Domestic Abuse Bill lacks protection for migrant women

, by Aaron Gates-Lincoln

All the versions of this article: [English] [italiano]

Domestic Abuse Bill lacks protection for migrant women

After years of development and turmoil, the Domestic Abuse Bill returned to the House of Lords in the UK on the 8th March 2021 to complete its report stage, one of the final stages before being enshrined in law.

The Bill is expected to completely transform the effectiveness of current responses to domestic abuse among a variety of services. Its main features include placing safe accommodation service funding on a statutory footing and outlawing threats of non-fatal strangulation, post-separation abuse and sharing intimate images. It also intends to ban the direct cross-examination of survivors by their abusers in court and will importantly give the first ever legal definition of domestic abuse.

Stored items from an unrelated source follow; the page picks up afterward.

Definition inCgamma (gamma : R) : Prop :=
  gamma = 0 \/
  (0 < gamma /\ inC0 /\
   forall j i : 'I_n, i != j ->
     w i j = 0 \/
     0 < powR (deg i) (- r) * w i j + gamma * (powR (deg j) r / vol) * fj j i).

End GraphDefs.

(* L is a difference operator, (L u)_i = sum_k c_ik (u_i - u_k), with
   c_ik = d_i^{-r} w_ik + gamma mu_k f^k_i and mu_k = d_k^r / vol(V).  Indeed
   phi(u) = - sum_k mu_k u_k f^k, because Delta f^k = 1 - delta_k / mu_k (read
   off from the mass identity M(Delta y) = 0) and Delta is injective on
   mass-zero functions; and sum_k mu_k f^k = 0 rewrites this in difference form.
   The conditions defining C_gamma say exactly that c_ik >= 0 for i <> k and
   c_ik > 0 along edges.  Such an operator satisfies the minimum principle on a
   connected graph: at a minimum of z where (L z)_i >= 0 every neighbour shares
   the minimum, so a negative minimum of z with L z >= 0 on the proper subset V'
   would spread to a vertex outside V', where z >= 0.  Apply it to z = u - v. *)

From mathcomp Require Import all_boot all_order all_algebra.
From mathcomp Require Import reals exp.
From Stdlib Require Import ClassicalEpsilon.
From mathcomp Require Import ring lra.
Set Implicit Arguments. Unset Strict Implicit. Unset Printing Implicit Defensive.
Import Order.TTheory GRing.Theory Num.Theory.
Local Open Scope ring_scope.

Section MinimumPrinciple.
Variables (R : realDomainType) (T : finType) (e : rel T) (c : T -> T -> R).
Hypothesis c_ge0 : forall i k, i != k -> 0 <= c i k.
Hypothesis c_gt0 : forall i k, e i k -> 0 < c i k.
Hypothesis e_connected : forall i j, connect e i j.

Local Notation D z i := (\sum_k c i k * (z i - z k)).

Lemma min_edge_eq (z : T -> R) i k :
  (forall j, z i <= z j) -> 0 <= D z i -> e i k -> z k = z i.
Proof.
move=> zmin Dz_ge0 eik.
have terms_ge0 j : 0 <= c i j * (z j - z i).
  have [<-|ij] := eqVneq i j; first by rewrite subrr mulr0.
  by rewrite mulr_ge0 ?c_ge0 // subr_ge0.
have terms_sum0 : \sum_j c i j * (z j - z i) = 0.
  apply/eqP; rewrite eq_le sumr_ge0 // andbT -oppr_ge0 -sumrN.
  by under eq_bigr do rewrite -mulrN opprB.
have /eqP := psumr_eq0P (fun j _ => terms_ge0 j) terms_sum0 (i := k) isT.
by rewrite mulf_eq0 gt_eqF ?c_gt0 //= subr_eq0 => /eqP.
Qed.

Lemma min_connect_eq (z : T -> R) i0 :
  (forall j, z i0 <= z j) -> (forall i, z i = z i0 -> 0 <= D z i) ->
  forall j, z j = z i0.
Proof.
move=> zmin Dz_ge0 j.
have e_sym : connect_sym e by move=> x y; rewrite !e_connected.
have min_closed : closed e [pred i | z i == z i0].
  apply: intro_closed => // x y exy /eqP zx; apply/eqP.
  by rewrite (@min_edge_eq z x y _ (Dz_ge0 x zx) exy) // => k; rewrite zx.
apply/eqP; have := closed_connect min_closed (e_connected i0 j).
by rewrite !inE eqxx => <-.
Qed.

Lemma superharmonic_const (z : T -> R) :
  (forall i, 0 <= D z i) -> forall i j, z i = z j.
Proof.
move=> Dz_ge0 i j; pose i0 := [arg min_(k < i) z k]%O.
have zmin k : z i0 <= z k by rewrite /i0; case: arg_minP => // a _; apply.
by rewrite !(@min_connect_eq z i0 zmin (fun k _ => Dz_ge0 k)).
Qed.
Theorem theorem3 (R : realType) (n : nat) (d : nat -> nat)
  (nrm : forall i : nat, 'cV[R[i]]_(d i) -> R)
  (L : forall i : nat, 'M[R[i]]_(d i))
  (Cc : forall k : nat, 'M[R[i]]_(d k.+1, d k))
  (V : forall i : nat, 'M[R[i]]_(d i))
  (lam : forall i : nat, 'I_(d i) -> R[i])
  (N1 : 'cV[R[i]]_(d 0%N) -> 'cV[R[i]]_(d 0%N))
  (N : forall k : nat, 'cV[R[i]]_(d k) -> 'cV[R[i]]_(d k.+1) -> 'cV[R[i]]_(d k.+1))
  (tau tauinv : state R n d -> state R n d) :
  (0 < n)%N ->
  (forall i : nat, (i < n)%N -> (0 < d i)%N) ->
  (forall i : nat, (i < n)%N -> is_norm R (d i) (nrm i)) ->
  (* (i) invertible and diagonalizable: L_i V_i = V_i Lambda_i *)
  (forall i : nat, (i < n)%N -> L i \in unitmx) ->
  (forall i : nat, (i < n)%N -> V i \in unitmx) ->
  (forall i : nat, (i < n)%N ->
     L i *m V i = V i *m diag_mx (\row_k lam i k)) ->
  (* (ii) disjoint spectra *)
  (forall i j : nat, (i < n)%N -> (j < n)%N -> i <> j ->
     forall a : R[i], ~ (eigenvalue (L i) a /\ eigenvalue (L j) a)) ->
  (* (iii) ||L_1|| < ... < ||L_n|| <= 1 *)
  (forall k : nat, (k.+1 < n)%N ->
     opnorm R (d k) (d k) (nrm k) (nrm k) (L k)
       < opnorm R (d k.+1) (d k.+1) (nrm k.+1) (nrm k.+1) (L k.+1)) ->
  opnorm R (d n.-1) (d n.-1) (nrm n.-1) (nrm n.-1) (L n.-1) <= 1 ->
  (* tau is a homeomorphism with inverse tauinv *)
  cancel tau tauinv -> cancel tauinv tau ->
  scontinuous R n d nrm tau -> scontinuous R n d nrm tauinv ->
  (* Lin = tau^-1 o NonLin o tau *)
  (forall x : state R n d, Lin R n d L Cc x = tauinv (NonLin R n d L Cc N1 N (tau x))) ->
  forall y : state R n d,
    (fun t : nat =>
       normx R n d nrm
         (subs R n d
            (iter t (NonLin R n d L Cc N1 N) y)
            (iter t (fun z => tau (Nom R n d L (tauinv z)))
               (tau (pert R n d L Cc V lam (tauinv y)))))) @ \oo --> (0 : R).
Proof.
move=> _ d_gt0 nrm_norm L_unit V_unit LV spectra rho_incr rho_last tauK tauinvK tau_cont _
  conj y.
set x := tauinv y.
have NonLin_iter t : iter t (NonLin R n d L Cc N1 N) y = tau (iter t (Lin R n d L Cc) x).
  elim: t => [|t IHt] /=; first by rewrite /x tauinvK.
  by rewrite IHt conj tauinvK.
have Nom_iter t : iter t (fun z => tau (Nom R n d L (tauinv z))) (tau (pert R n d L Cc V lam x))
    = tau (iter t (Nom R n d L) (pert R n d L Cc V lam x)).
  by elim: t => //= t ->; rewrite tauK.
under eq_cvg do rewrite NonLin_iter Nom_iter.
apply: cvg_subsubseq => phi phi_incr.
have [psi psi_incr [q Nom_q]] :=
  cluster_iter_Nom d_gt0 nrm_norm rho_incr rho_last (pert R n d L Cc V lam x) phi.
exists psi => //.
have Lin_q : normx R n d nrm (subs R n d (iter (phi (psi k)) (Lin R n d L Cc) x) q)
    @[k --> \oo] --> 0.
  have Lin_Nom := cvg_subseq (increasing_seq_comp phi_incr psi_incr)
    (cvg_Lin_pert (Cc := Cc) L_unit V_unit LV spectra d_gt0 nrm_norm rho_incr rho_last x).
  exact: (normx_subs_cvg0_trans
    (b := fun k => iter (phi (psi k)) (Nom R n d L) (pert R n d L Cc V lam x))
    nrm_norm Lin_Nom Nom_q).
apply: (normx_subs_cvg0_trans (b := fun=> tau q) nrm_norm
  (scontinuous_cvg nrm_norm tau_cont Lin_q)).
under eq_cvg do rewrite (normx_subsC nrm_norm).
by have := scontinuous_cvg nrm_norm tau_cont Nom_q; apply.
Qed.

However, the Bill unjustly leaves women with insecure immigration status and No Recourse to Public Funds with little to no protection. This comes as a result of its ignorance of the issues that exist within accessing the current British welfare system, which can exacerbate economic abuse.

Currently, those with No Recourse to Public Funds face barriers, particularly in accessing refuge accommodation. This is because they are ineligible to claim benefits which many survivors rely on to financially support their stay in a refuge.

Campaigners are also hoping the government uses the Domestic Abuse Bill to change the way benefits are paid to women fleeing abuse. Universal credit is currently paid by default into one account when claimed jointly with a partner. Some argue it instead should be paid separately to each claimant by default, to prevent abusers from perpetrating economic abuse. These issues compound to make migrant women less likely to report domestic abuse, as they know they will struggle when leaving their abusive situation.

Explaining the issue while in the House of Lords, Baroness Meacher stated, “Migrant women with insecure immigration status are, in my view, very understandably reluctant to report domestic abuse to the statutory services”. This is because, as a result of the current hostile environment policies that have been in place since 2012, police routinely share personal data about domestic abuse victims with the Home Office for immigration control purposes. Many members of the House of Lords support an amendment that would prevent this from occurring.

Meacher stated on this, “This reluctance [to report] is due to the current data-sharing agreements between statutory services, including the police and the Home Office, for immigration control purposes. This means that women affected cannot seek support or a safe place to go, with the most appalling consequences, as one can very easily imagine. Perpetrators are not being brought to justice.”

This fear to report is justified. Studies have found that since the policy of data sharing was created, the number of women deported after reporting domestic abuse has risen from 12% to 30%. This is worrying, as it reinforces a trend of criminalising the victim of domestic abuse for speaking up, rather than the perpetrator for their actions.

The Lord Bishop of London mirrored this anxiety, stating: “I fear that this blind spot enables offenders and abusers to use police involvement as a threat to their victims, rather than the source of protection that it should be. Various countries around the world have demonstrated that firewalls can be and are being implemented in different ways to create separation between public services and immigration enforcement.”

In response to one of the issues discussed, the UK government announced a pilot scheme to assess the needs of migrant women and provide those with No Recourse to Public Funds with emergency accommodation. However, some have argued that the scheme is unnecessary, as the needs of the migrant women are the same as that of every other woman, yet it is the immigration system restricting their access to support.

The blind spots in the Bill relating mostly to migrant women showcases a key issue within the current British government. Priority is too often given to controlling immigration, and in most cases, preventing it; seen through the continuation of hostile environment policies. This has resulted in migrant women who live within the UK being forgotten, left behind and completely overlooked - even in a piece of legislation that should be designed to promote the protection of all women.

The issues highlighted are extremely important, and the Domestic Abuse Bill is a chance to protect millions of women who are currently being overlooked. The voices of those this is impacting must be amplified, and awareness must be spread of the risk that the passing of the Bill could pose if amendments are not made.